From a storytelling perspective, what makes UFC unique from all other sports broadcasts?

I would say that because our sport involves two competitors, we’re able to dive in the background storytelling of both athletes in a way that gets you invested in one or both of them prior to their fight more than most other sports. And I think we’ve done a good job over the years figuring out a way to be succinct in that storytelling and, within two or three minutes, give you enough background on the two individuals understand the matchup. It’s a lot tougher to drill down deep for team sports and do profiles on each player. But we are able to do that throughout the night with deep storytelling on each matchup and each individual fighter prior to title card. So that certainly gives us an advantage and a unique angle in our broadcast.

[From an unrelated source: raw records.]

Lemma N0_sub_l2s_bound_at s M w wt t : 0 <= s -> 1 <= M -> in_l2s s (w t) -> in_l2s s (wt t) ->
  l2s_norm s (fun n => Csub (calN0 M w t n) (calN0 M wt t n))
  <= sqrt (kernel_bound M) * (2 * (l2s_norm s (w t) ^ 2 + l2s_norm s (wt t) ^ 2)
                              * l2s_norm s (fun n => Csub (w t n) (wt t n))).
Proof.
  intros Hs HM Hw Hwt. set (d := fun n => Csub (w t n) (wt t n)).
  assert (Hd : in_l2s s d) by exact (proj1 (l2s_triangle s _ _ d Hs Hw Hwt (fun m => Cmod_sub _ _))).
  rewrite !calN0_eq_trilinear.
  rewrite (functional_extensionality _ _ (fun n => trilinear_sub s M t (w t) (wt t) n Hs HM Hw Hwt)). fold d.
  destruct (trilinear_l2s_bound s M t d (w t) (w t) Hs HM Hd Hw Hw) as [H1 B1].
  destruct (trilinear_l2s_bound s M t (wt t) d (w t) Hs HM Hwt Hd Hw) as [H2 B2].
  destruct (trilinear_l2s_bound s M t (wt t) (wt t) d Hs HM Hwt Hwt Hd) as [H3 B3].
  destruct (l2s_triangle s _ _ (fun n => Cadd (trilinear M t d (w t) (w t) n) (trilinear M t (wt t) d (w t) n))
              Hs H1 H2 (fun n => Cmod_add _ _)) as [H12 B12].
  destruct (l2s_triangle s _ _ (fun n => Cadd (Cadd (trilinear M t d (w t) (w t) n) (trilinear M t (wt t) d (w t) n))
                                             (trilinear M t (wt t) (wt t) d n))
              Hs H12 H3 (fun n => Cmod_add _ _)) as [_ B123].
  eapply Rle_trans; [exact B123|].
  pose proof (l2s_norm_nonneg s (w t)). pose proof (l2s_norm_nonneg s (wt t)). pose proof (l2s_norm_nonneg s d).
  set (a := l2s_norm s (w t)) in *. set (b := l2s_norm s (wt t)) in *. set (c := l2s_norm s d) in *.
  set (k := sqrt (kernel_bound M)) in *. assert (Hk : 0 <= k) by apply sqrt_pos.
  assert (Habc : c * a * a + b * c * a + b * b * c <= 2 * (a ^ 2 + b ^ 2) * c).
  { assert (0 <= c * (a - b) ^ 2) by (apply Rmult_le_pos; [auto | apply pow2_ge_0]). nra. }
  assert (0 <= k * (2 * (a ^ 2 + b ^ 2) * c - (c * a * a + b * c * a + b * b * c))) by nra.
  lra.
Qed.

(Photo by Chris Unger/Zuffa LLC via Getty Images)

To close out, how proud are you of what the entire UFC production and operations teams has accomplished over the past 30 years?

The single thing that I’m most proud of, without question, is the team that we’ve built in the production department. If you look at our original programming group led up by [VP, Production & Programming] Chris Kartzmark, the technical side that Tim O’Toole oversees, and the live events side that [head of production] Zach Candido oversees, there is a tremendous amount of teamwork that goes on across those three divisions. We have incredibly talented production staff that are always looking to push the envelope and push our productions to another level. And to have the amount of work on their plate on an annual basis and still have the desire to continue to look for ways to elevate our game, is just amazing. That’s part of the culture around here and part of the makeup of the production department as a whole. We are incredibly fortunate to have this team in place and I’m very fortunate to be able to work with them each and every day.